## What you will do
In the records below, one line contains "when [u] is". Print that line and every line after it exactly, down to the final one.

Collected data:
····················

(* Let $(X_B,X_C,X_R)$ be an OCC of a graph $G$, let $f_X$ be a proper $2$-coloring of $G[X_B]$, let $B^\ast \subseteq X_B$ satisfy property $(\star)$, and let $G'$ be the reduced graph. If $S'$ is a minimum-size odd cycle transversal of $G'$, then $S' \subseteq V(G) \cap V(G')$ and $S'$ is a minimum-size odd cycle transversal of $G$.
   Context: An odd cycle transversal (OCT) of a graph is a vertex set whose removal leaves a bipartite graph. An odd cycle cut (OCC) of $G$ is a partition $(X_B, X_C, X_R)$ of $V(G)$ such that $G[X_B]$ is bipartite, there is no edge between $X_B$ and $X_R$, and $X_B \cup X_C \neq \emptyset$. Auxiliary graph: $G_{\mathrm{aux}}$ is obtained from a copy of $G[X_B]$ by adding, for each $v \in X_C$, new vertices $v^{(0)}, v^{(1)}$ and, for each $u \in N_G(v) \cap X_B$, the edge $v^{(f_X(u))}u$; $T := \{v^{(i)} : v \in X_C, i \in \{0,1\}\}$. Property $(\star)$ of $B^\ast \subseteq X_B$: for every partition $(T_1,T_2,T_3,T_X)$ of $T$ into four possibly empty parts, if there exists $S \subseteq X_B$ with $|S| \le |T|$ separating $T_i$ and $T_j$ (no connected component of $G_{\mathrm{aux}} - T_X - S$ meets both) for all $1 \le i < j \le 3$, then $B^\ast$ contains such a set $S$ of minimum possible size. Reduced graph $G'$: start from $G - (X_B \setminus B^\ast)$; then, for every unordered pair $\{u,v\}$ of (not necessarily distinct) vertices of $X_C \cup B^\ast$ and every parity $p \in \{\text{even},\text{odd}\}$ such that $G$ contains a $(u,v)$-walk of length of parity $p$ that has at least one internal vertex and all of whose internal vertices lie in $X_B \setminus B^\ast$: if $p$ is even, add two new vertices $x, x'$, each adjacent to exactly $u$ and $v$; if $p$ is odd, add four new vertices $x,y,x',y'$ and the edges $ux, xy, yv, ux', x'y', y'v$. All added vertices are distinct and new. *)

From mathcomp Require Import all_boot.
From mathcomp Require Import boolp.
Set Implicit Arguments. Unset Strict Implicit. Unset Printing Implicit Defensive.

Section Generic.
Variable T : finType.

Definition bipartite_on (e : rel T) (A : {set T}) : Prop :=
  exists f : T -> bool, forall x y, x \in A -> y \in A -> e x y -> f x != f y.

Definition is_oct (e : rel T) (W S : {set T}) : Prop :=
  S \subset W /\ bipartite_on e (W :\: S).

Definition is_min_oct (e : rel T) (W S : {set T}) : Prop :=
  is_oct e W S /\ forall S2, is_oct e W S2 -> #|S| <= #|S2|.

Definition conn_in (e : rel T) (A : {set T}) (x y : T) : bool :=
  connect (fun a b => [&& a \in A, b \in A & e a b]) x y.

Definition separated_in (e : rel T) (A P Q : {set T}) : Prop :=
  forall x y, x \in P -> y \in Q -> ~~ conn_in e A x y.
End Generic.

Section OCC.
Variables (V : finType) (e : rel V).

Definition simple_graph : Prop := symmetric e /\ irreflexive e.

Definition is_OCC (XB XC XR : {set V}) : Prop :=
  [/\ [&& [disjoint XB & XC], [disjoint XB & XR] & [disjoint XC & XR]],
      XB :|: XC :|: XR = [set: V],
      bipartite_on e XB,
      (forall x y, x \in XB -> y \in XR -> ~~ e x y) &
      XB :|: XC != set0].

Definition proper2col_on (XB : {set V}) (f : V -> bool) : Prop :=
  forall x y, x \in XB -> y \in XB -> e x y -> f x != f y.

(* ---- auxiliary graph: copy of G[XB] (inl) plus v^(i) = inr (v, i) ---- *)
Definition auxV := (V + (V * bool))%type.

Definition aux_edge (XB XC : {set V}) (f : V -> bool) (a b : auxV) : bool :=
  match a, b with
  | inl x, inl y => [&& x \in XB, y \in XB & e x y]
  | inr (v, i), inl u => [&& v \in XC, u \in XB, e v u & i == f u]
  | inl u, inr (v, i) => [&& v \in XC, u \in XB, e v u & i == f u]
  | _, _ => false
  end.

Definition aux_T (XC : {set V}) : {set auxV} :=
  [set z : auxV | if z is inr (v, _) then v \in XC else false].

Definition aux_W (XB XC : {set V}) : {set auxV} :=
  (@inl V (V * bool)) @: XB :|: aux_T XC.

Definition separates3 (XB XC : {set V}) (f : V -> bool) (S : {set V})
    (T1 T2 T3 TX : {set auxV}) : Prop :=
  let A := aux_W XB XC :\: (TX :|: (@inl V (V * bool)) @: S) in
  [/\ separated_in (aux_edge XB XC f) A T1 T2,
      separated_in (aux_edge XB XC f) A T1 T3 &
      separated_in (aux_edge XB XC f) A T2 T3].

Definition partition4 (T0 T1 T2 T3 TX : {set auxV}) : Prop :=
  [/\ [&& [disjoint T1 & T2], [disjoint T1 & T3] & [disjoint T1 & TX]],
      [&& [disjoint T2 & T3], [disjoint T2 & TX] & [disjoint T3 & TX]] &
      T1 :|: T2 :|: T3 :|: TX = T0].

Definition property_star (XB XC : {set V}) (f : V -> bool) (Bs : {set V}) : Prop :=
  forall T1 T2 T3 TX : {set auxV},
    partition4 (aux_T XC) T1 T2 T3 TX ->
    (exists S : {set V}, [/\ S \subset XB, #|S| <= #|aux_T XC| &
                             separates3 XB XC f S T1 T2 T3 TX]) ->
    exists S : {set V}, [/\ S \subset Bs, separates3 XB XC f S T1 T2 T3 TX &
       forall S2 : {set V}, S2 \subset XB -> separates3 XB XC f S2 T1 T2 T3 TX ->
         #|S| <= #|S2|].

Definition walk_through (D : {set V}) (u v : V) (p : bool) : Prop :=
  exists s : seq V, [/\ s != [::], all (mem D) s, path e u (rcons s v) &
                        odd (size s).+1 = p].

(* New vertices are inr (u, v, p, i): the gadget for the unordered pair {u,v}
   (represented by the ordered pair with enum_rank u <= enum_rank v) and
   parity p.  Even gadget: i = 0 (x), 1 (x').  Odd gadget: i = 0 (x),
   1 (y), 2 (x'), 3 (y'). *)
Definition redV := (V + (V * V * bool * 'I_4))%type.

Definition red_W (XB XC Bs : {set V}) : {set redV} :=
  [set z : redV | match z with
    | inl x => x \notin XB :\: Bs
    | inr (u, v, p, i) =>
        [&& u \in XC :|: Bs, v \in XC :|: Bs,
            (enum_rank u <= enum_rank v)%N,
            `[< walk_through (XB :\: Bs) u v p >] &
            p || (i < 2)%N]
    end].

Definition red_base (a b : redV) : bool :=
  match a, b with
  | inl x, inl y => e x y
  | inr (u, v, p, i), inl w =>
      if ~~ p then (w == u) || (w == v)
      else (((i == 0 :> nat) || (i == 2 :> nat)) && (w == u))
        || (((i == 1 :> nat) || (i == 3 :> nat)) && (w == v))
  | inr (u, v, p, i), inr (u', v', p', j) =>
      [&& p, (u, v, p) == (u', v', p') &
          ((i == 0 :> nat) && (j == 1 :> nat)) ||
          ((i == 2 :> nat) && (j == 3 :> nat))]
  | _, _ => false
  end.

Definition red_edge (XB XC Bs : {set V}) (a b : redV) : bool :=
  [&& a \in red_W XB XC Bs, b \in red_W XB XC Bs & red_base a b || red_base b a].
End OCC.

From mathcomp Require Import all_boot boolp zify.
Set Implicit Arguments. Unset Strict Implicit. Unset Printing Implicit Defensive.

(* A solution of G avoiding XB \ B* is also a solution of G': walks through
   XB \ B* between surviving vertices have the parity dictated by any
   2-colouring, so every gadget can be coloured alternately.
   Every solution S of G can be traded for one avoiding XB \ B* that is no
   larger: if |S ∩ XB| > |XC|, replace S ∩ XB by XC; otherwise S ∩ XB separates,
   in G_aux, the terminals agreeing with a 2-colouring of G - S from those
   disagreeing with it, property (⋆) yields a separator inside B* that is no
   larger, and flipping fX on the components it cuts off repairs the colouring.
   Conversely, the original vertices of a solution S' of G' together with one
   endpoint of every gadget that S' hits in both copies form a solution of G.
   Such a gadget costs S' two vertices but the repair only one, so a minimum S'
   contains no gadget vertex at all. *)

Lemma card_sum_set (T1 T2 : finType) (A : {set T1 + T2}) :
  #|A| = #|[set x | inl x \in A]| + #|[set y | inr y \in A]|.
Proof.
set P := [set x | _]; set R := [set y | _].
have inl_inr (x : T1) : inl x \in inr @: R = false by apply/imsetP => -[].
have inr_inl (y : T2) : inr y \in inl @: P = false by apply/imsetP => -[].
have -> : A = inl @: P :|: inr @: R.
  apply/setP => -[x|y]; rewrite in_setU ?inl_inr ?inr_inl ?orbF //=.
    by rewrite mem_imset ?inE //; exact: inl_inj.
  by rewrite mem_imset ?inE //; exact: inr_inj.
rewrite cardsU; have -> : inl @: P :&: inr @: R = set0.
  by apply/setP => -[x|y]; rewrite !inE ?inl_inr ?inr_inl ?andbF.
by rewrite cards0 subn0 (card_imset _ inl_inj) (card_imset _ inr_inj).
Qed.

Lemma mem_inl_imset (T1 T2 : finType) (A : {set T1}) x :
  (inl x \in (@inl T1 T2) @: A) = (x \in A).
Proof. exact: mem_imset inl_inj. Qed.

Lemma inr_in_inl_imset (T1 T2 : finType) (A : {set T1}) y :
  (inr y \in (@inl T1 T2) @: A) = false.
Proof. by apply/imsetP => -[]. Qed.

Section Colourings.
Variables (V : finType) (e : rel V).

Lemma proper2col_onS (A B : {set V}) (f : V -> bool) :
  A \subset B -> proper2col_on e B f -> proper2col_on e A f.
Proof. by move=> /subsetP AB fB x y /AB Hx /AB Hy; exact: fB. Qed.

Lemma is_oct_setTP (S : {set V}) :
  is_oct e [set: V] S <-> exists h, proper2col_on e (~: S) h.
Proof. by rewrite /is_oct /bipartite_on setTD; split=> [[]|] // ?; split. Qed.

Lemma path_parity (A : {set V}) (h : V -> bool) s u v :
  proper2col_on e A h -> u \in A -> v \in A -> all (mem A) s ->
  path e u (rcons s v) -> odd (size s).+1 = h u (+) h v.
Proof.
move=> hA; elim: s u => [|a s IH] u Hu Hv /=.
  by rewrite andbT => _ /(hA _ _ Hu Hv); case: (h u); case: (h v).
case/andP => Ha Hs /andP [Hua Hp]; have /= -> := IH _ Ha Hv Hs Hp.
by move: (hA _ _ Hu Ha Hua); case: (h u); case: (h a); case: (h v).
Qed.

Lemma walk_through_parity (A D : {set V}) (h : V -> bool) u v p :
  proper2col_on e A h -> D \subset A -> u \in A -> v \in A ->
  walk_through e D u v p -> p = h u (+) h v.
Proof.
move=> hA /subsetP DA Hu Hv [s [_ Hs Hp <-]]; apply: path_parity hA Hu Hv _ Hp.
by apply/allP => x /(allP Hs) /DA.
Qed.

Hypothesis e_sym : symmetric e.

Lemma rev_path_rcons s u v : path e u (rcons s v) -> path e v (rcons (rev s) u).
Proof.
move=> H; have := rev_path e u (rcons s v).
rewrite last_rcons belast_rcons rev_cons => ->.
by rewrite (eq_path (e' := e)) // => x y /=; rewrite e_sym.
Qed.

Lemma walk_through_sym D u v p : walk_through e D u v p -> walk_through e D v u p.
Proof.
case=> s [s0 Hs Hp Ho]; exists (rev s); split.
- by rewrite -size_eq0 size_rev size_eq0.
- by rewrite all_rev.
- exact: rev_path_rcons.
- by rewrite size_rev.
Qed.

End Colourings.

(** * Colouring the reduced graph *)

Section ReducedGraph.
Variables (V : finType) (e : rel V) (XB XC Bs : {set V}).

(* Gadget paths are coloured alternately from the [u] end, or from the [v] end
   when [u] is deleted; the parity of the underlying walk makes both ends agree. *)
Definition red_col (S : {set V}) (h : V -> bool) (z : redV V) : bool :=
  match z with
  | inl x => h x
  | inr (u, v, p, i) =>
     if p then
       let b := if u \in S then h v else ~~ h u in
       if (i == 0 :> nat) || (i == 2 :> nat) then b else ~~ b
     else if u \in S then ~~ h v else ~~ h u
  end.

····················

## Result for this task
   when [u] is deleted; the parity of the underlying walk makes both ends agree. *)
Definition red_col (S : {set V}) (h : V -> bool) (z : redV V) : bool :=
  match z with
  | inl x => h x
  | inr (u, v, p, i) =>
     if p then
       let b := if u \in S then h v else ~~ h u in
       if (i == 0 :> nat) || (i == 2 :> nat) then b else ~~ b
     else if u \in S then ~~ h v else ~~ h u
  end.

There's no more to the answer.